Description
These Pumpkin Pancakes are a delightful autumn breakfast treat, featuring moist, fluffy pancakes infused with pumpkin puree and warm spices like cinnamon and pumpkin pie spice. Enhanced with optional chocolate chips, they’re perfect for cozy mornings and pair wonderfully with butter and pure maple syrup or a maple pecan topping.
Ingredients
Scale
Dry Ingredients
- 2 cups (250g) all-purpose flour (spooned & leveled)
- 2 teaspoons baking powder
- 1 teaspoon baking soda
- 1/2 teaspoon salt
- 2 teaspoons ground cinnamon
- 1 teaspoon store-bought or homemade pumpkin pie spice
Wet Ingredients
- 1 and 1/4 cups (285g) pumpkin puree (canned or fresh)
- 1/3 cup (67g) packed light or dark brown sugar
- 1 large egg
- 3 Tablespoons (45ml) canola or vegetable oil
- 1 and 1/2 cups (360ml) whole milk
Optional
- 1 cup (180g) semi-sweet chocolate chips
For Cooking
- Butter or nonstick cooking spray
Instructions
- Mix Dry Ingredients: In a large bowl with a pour spout, whisk together the flour, baking powder, baking soda, salt, cinnamon, and pumpkin pie spice until evenly combined. Set aside.
- Blend Wet Ingredients: Using a blender, add the pumpkin puree, brown sugar, egg, oil, and whole milk.
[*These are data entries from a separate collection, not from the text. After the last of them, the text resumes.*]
Lemma sum_indicator_le1 (K c : nat) : \sum_(k < K) ((k : nat) == c)%:R <= 1 :> R.
Proof.
case: (ltnP c K) => [cK|Kc].
  rewrite (bigD1 (Ordinal cK)) //= eqxx big1 ?addr0 // => k kc.
  by rewrite (_ : _ == c = false) //; apply: contraNF kc => /eqP kc; apply/eqP/val_inj.
rewrite big1 ?ler01 // => k _; rewrite (_ : _ == c = false) //.
by apply: contraTF Kc => /eqP <-; rewrite -ltnNge.
Qed.

Lemma sum_indicatorMl (B a0 : nat) (F : nat -> R) : (a0 < B)%N ->
  \sum_(a < B) ((a : nat) == a0)%:R * F a = F a0.
Proof.
move=> a0B; rewrite (bigD1 (Ordinal a0B)) //= eqxx mul1r big1 ?addr0 // => a aa0.
by rewrite (_ : _ == a0 = false) ?mul0r //; apply: contraNF aa0 => /eqP ?; apply/eqP/val_inj.
Qed.

(* Pickling [nat * nat] is injective, so each pair is hit by at most one index. *)
Lemma sum_pickle_inv_le (w : nat -> nat -> R) (K : nat) : (forall a j, 0 <= w a j) ->
  exists B : nat,
    \sum_(k < K) (if @pickle_inv (nat * nat)%type k is Some (a, j) then w a j else 0)
    <= \sum_(a < B) \sum_(j < B) w a j.
Proof.
move=> w0; pose bnd (k : 'I_K) :=
  if @pickle_inv (nat * nat)%type k is Some (a, j) then maxn a j else 0%N.
pose B := (\max_k bnd k).+1; exists B.
have expand (k : 'I_K) : (if @pickle_inv (nat * nat)%type k is Some (a, j) then w a j else 0) =
    \sum_(a < B) \sum_(j < B) (pickle_inv k == Some (a : nat, j : nat))%:R * w a j.
  have := leq_bigmax (F := bnd) k; rewrite /bnd.
  case: pickle_inv => [[a0 j0]|] /= bk; last first.
    by rewrite big1 // => a _; rewrite big1 // => j _; rewrite mul0r.
  have a0B : (a0 < B)%N by rewrite ltnS (leq_trans (leq_maxl a0 j0)).
  have j0B : (j0 < B)%N by rewrite ltnS (leq_trans (leq_maxr a0 j0)).
  rewrite -(sum_indicatorMl (fun a => w a j0) a0B); apply: eq_bigr => a _.
  rewrite -(sum_indicatorMl (fun j => w a j) j0B) mulr_sumr; apply: eq_bigr => j _.
  rewrite mulrA -natrM -[Some _ == _]/((a0, j0) == (a : nat, j : nat)) xpair_eqE.
  by rewrite mulnb [a0 == _]eq_sym [j0 == _]eq_sym.
rewrite (eq_bigr _ (fun k _ => expand k)) exchange_big; apply: ler_sum => a _.
rewrite exchange_big; apply: ler_sum => j _; rewrite -mulr_suml ler_piMl //.
rewrite (eq_bigr (fun k : 'I_K => ((k : nat) == pickle (a : nat, j : nat))%:R)).
  exact: sum_indicator_le1.
move=> k _; suff -> : (pickle_inv k == Some (a : nat, j : nat)) =
    ((k : nat) == pickle (a : nat, j : nat)) by [].
apply/eqP/eqP => [e|->]; last exact: pickleK_inv.
by have := @pickle_invK (nat * nat)%type k; rewrite e.
Qed.
(* Let $n\geq 1$ be a natural number and let $T$ be a complete theory which is $n$-transitive and not $(n+1)$-transitive. Then $T$ is not $n$-ary.
   Context: For a natural number $m$, a complete theory $T$ is $m$-transitive if every complete type $q(x_1,\ldots,x_m)\in S(T)$ is forced (modulo $T$) by its restriction to the empty language, i.e. by the formulas of $q$ built only from equalities $x_i\approx x_j$. For $n\geq 1$, a formula of $T$ is $n$-ary if it is $T$-equivalent to a Boolean combination of $T$-formulas each having at most $n$ free variables. $T$ is unary ($1$-ary) if every $T$-formula is $T$-equivalent to a Boolean combination of $T$-formulas with one free variable and formulas $x\approx y$; for $n\geq 2$, $T$ is $n$-ary if every $T$-formula is $n$-ary. *)

From mathcomp Require Import all_boot.
From Stdlib Require Import List.



Unset Printing Implicit Defensive.

(* A first-order signature: function symbols (constants = arity 0) and
   relation symbols, each with an arity. *)
Record signature := Signature {
  funs : Type;
  rels : Type;
  fun_ar : funs -> nat;
  rel_ar : rels -> nat }.

Section FOL.
Variable L : signature.

Inductive term : Type :=
| tvar : nat -> term
| tapp : forall f : funs L, ('I_(fun_ar L f) -> term) -> term.

Inductive formula : Type :=
| feq : term -> term -> formula
| frel : forall r : rels L, ('I_(rel_ar L r) -> term) -> formula
| fneg : formula -> formula
| fand : formula -> formula -> formula
| fex : nat -> formula -> formula.

Record structure := Structure {
  dom : Type;
  dom_inh : inhabited dom;
  ifun : forall f : funs L, ('I_(fun_ar L f) -> dom) -> dom;
  irel : forall r : rels L, ('I_(rel_ar L r) -> dom) -> Prop }.

Fixpoint teval (M : structure) (a : nat -> dom M) (t : term) : dom M :=
  match t with
  | tvar i => a i
  | tapp f args => ifun M f (fun k => teval M a (args k))
  end.

Definition update (M : structure) (a : nat -> dom M) (x : nat) (d : dom M) :
  nat -> dom M := fun i => if Nat.eqb i x then d else a i.

Fixpoint sat (M : structure) (a : nat -> dom M) (phi : formula) {struct phi} : Prop :=
  match phi with
  | feq t u => teval M a t = teval M a u
  | frel r args => irel M r (fun k => teval M a (args k))
  | fneg psi => ~ sat M a psi
  | fand psi chi => sat M a psi /\ sat M a chi
  | fex x psi => exists d, sat M (update M a x d) psi
  end.

Inductive tfree (i : nat) : term -> Prop :=
| tfree_var : tfree i (tvar i)
| tfree_app : forall f args (k : 'I_(fun_ar L f)),
    tfree i (args k) -> tfree i (tapp f args).

Fixpoint ffree (i : nat) (phi : formula) : Prop :=
  match phi with
  | feq t u => tfree i t \/ tfree i u
  | frel r args => exists k, tfree i (args k)
  | fneg psi => ffree i psi
  | fand psi chi => ffree i psi \/ ffree i chi
  | fex x psi => i <> x /\ ffree i psi
  end.

Definition sentence (phi : formula) : Prop := forall i, ~ ffree i phi.

Definition at_most_free (n : nat) (phi : formula) : Prop :=
  exists l : list nat, (length l <= n)%coq_nat /\ forall i, ffree i phi -> In i l.

Definition free_among (m : nat) (phi : formula) : Prop :=
  forall i, ffree i phi -> (i < m)%coq_nat.

Definition theory := formula -> Prop.

Definition is_model (T : theory) (M : structure) : Prop :=
  forall phi, T phi -> forall a, sat M a phi.

(* Semantic consequence modulo T (equivalent to provability by completeness). *)
Definition entails (T : theory) (phi : formula) : Prop :=
  forall M, is_model T M -> forall a, sat M a phi.

Definition complete_theory (T : theory) : Prop :=
  [/\ (forall phi, T phi -> sentence phi),
      (exists M, is_model T M) &
      (forall phi, sentence phi -> entails T phi \/ entails T (fneg phi))].

(* q is a complete type in the variables x_0, ..., x_(m-1) over T, i.e. q is
   in S_m(T): a set of formulas in these variables, consistent with T, and
   containing phi or its negation for every formula phi in these variables. *)
Definition complete_type (T : theory) (m : nat) (q : formula -> Prop) : Prop :=
  [/\ (forall phi, q phi -> free_among m phi),
      (exists M (a : nat -> dom M), is_model T M /\ forall phi, q phi -> sat M a phi) &
      (forall phi, free_among m phi -> q phi \/ q (fneg phi))].

(* Formulas built only from equalities x_i = x_j (formulas of the empty
   language in the variables). *)
Inductive eq_formula : formula -> Prop :=
| eqf_eq : forall i j, eq_formula (feq (tvar i) (tvar j))
| eqf_neg : forall phi, eq_formula phi -> eq_formula (fneg phi)
| eqf_and : forall phi psi, eq_formula phi -> eq_formula psi ->
    eq_formula (fand phi psi).

(* q is forced modulo T by its restriction to the empty language. *)
Definition forced_by_eq (T : theory) (q : formula -> Prop) : Prop :=
  forall M, is_model T M -> forall a : nat -> dom M,
    (forall psi, q psi -> eq_formula psi -> sat M a psi) ->
    forall phi, q phi -> sat M a phi.

Definition m_transitive (T : theory) (m : nat) : Prop :=
  forall q, complete_type T m q -> forced_by_eq T q.

Definition T_equiv (T : theory) (phi psi : formula) : Prop :=
  forall M, is_model T M -> forall a : nat -> dom M, sat M a phi <-> sat M a psi.

Inductive bool_comb (S : formula -> Prop) : formula -> Prop :=
| bc_atom : forall phi, S phi -> bool_comb S phi
| bc_neg : forall phi, bool_comb S phi -> bool_comb S (fneg phi)
| bc_and : forall phi psi, bool_comb S phi -> bool_comb S psi ->
    bool_comb S (fand phi psi).

Definition nary_formula (T : theory) (n : nat) (phi : formula) : Prop :=
  exists psi, bool_comb (at_most_free n) psi /\ T_equiv T phi psi.

Definition unary_theory (T : theory) : Prop :=
  forall phi, exists psi,
    bool_comb (fun chi => at_most_free 1 chi \/
                          exists i j, chi = feq (tvar i) (tvar j)) psi
    /\ T_equiv T phi psi.

Definition nary_theory (T : theory) (n : nat) : Prop :=
  if n == 1 then unary_theory T else forall phi, nary_formula T n phi.

End FOL.

Arguments tvar {L} _.
Arguments tapp {L} _ _.
Arguments feq {L} _ _.
Arguments frel {L} _ _.
Arguments fneg {L} _.
Arguments fand {L} _ _.
Arguments fex {L} _ _.
Arguments sat {L} M a phi.
Arguments teval {L} M a t.
Arguments ffree {L} i phi.
Arguments sentence {L} phi.
Arguments is_model {L} T M.
Arguments entails {L} T phi.
Arguments complete_theory {L} T.
Arguments complete_type {L} T m q.
Arguments forced_by_eq {L} T q.
Arguments m_transitive {L} T m.
Arguments T_equiv {L} T phi psi.
Arguments nary_formula {L} T n phi.
Arguments unary_theory {L} T.
Arguments nary_theory {L} T n.

(* If T is n-transitive, the truth value of a formula with at most n free
   variables at a tuple depends only on which coordinates of the tuple are
   equal: rename its free variables into x_0, ..., x_(n-1) and use that the
   complete type of the tuple is forced by its equalities.  The same then holds
   for Boolean combinations of such formulas and of equations x_i = x_j.  If T
   were moreover n-ary, every formula would be T-equivalent to such a
   combination, so every complete type, in any number of variables, would be
   forced by its equalities; in particular T would be (n+1)-transitive. *)
From Pilot Require Import Defs.
From mathcomp Require Import all_boot.
From Stdlib Require Import List.
From Stdlib Require Import Classical FunctionalExtensionality PeanoNat.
Blend on high for 45 seconds until smooth. This step ensures a smooth batter, especially helpful for fresh pumpkin puree. Alternatively, whisk by hand or use a hand mixer.
- Combine Batter: Pour the blended wet ingredients into the dry ingredients. Gently whisk just until combined, ensuring no dry flour pockets remain. The batter will be thick and a few lumps are fine. Fold in chocolate chips if using.
- Cook Pancakes: Preheat a griddle or large flat skillet over medium heat; for electric griddle, set to 375°F (190°C). Grease generously with butter or nonstick spray. Pour a heaping 1/4 cup of batter onto the griddle. Cook until edges look set and bubbles form around the border, about 2-3 minutes. Flip and cook the other side for 1-2 minutes until cooked through. Re-grease griddle as needed between batches.
- Keep Warm & Serve: Keep cooked pancakes warm in a preheated 200°F (93°C) oven until all are done. Serve immediately with butter and pure maple syrup or your favorite toppings. A maple pecan topping is also a delicious complement.
- Store Leftovers: Cover leftover pancakes tightly and refrigerate for up to 5 days.
Notes
- You can use canned or fresh pumpkin puree, but blending fresh pumpkin helps achieve a smoother batter.
- Chocolate chips add a sweet touch but are optional.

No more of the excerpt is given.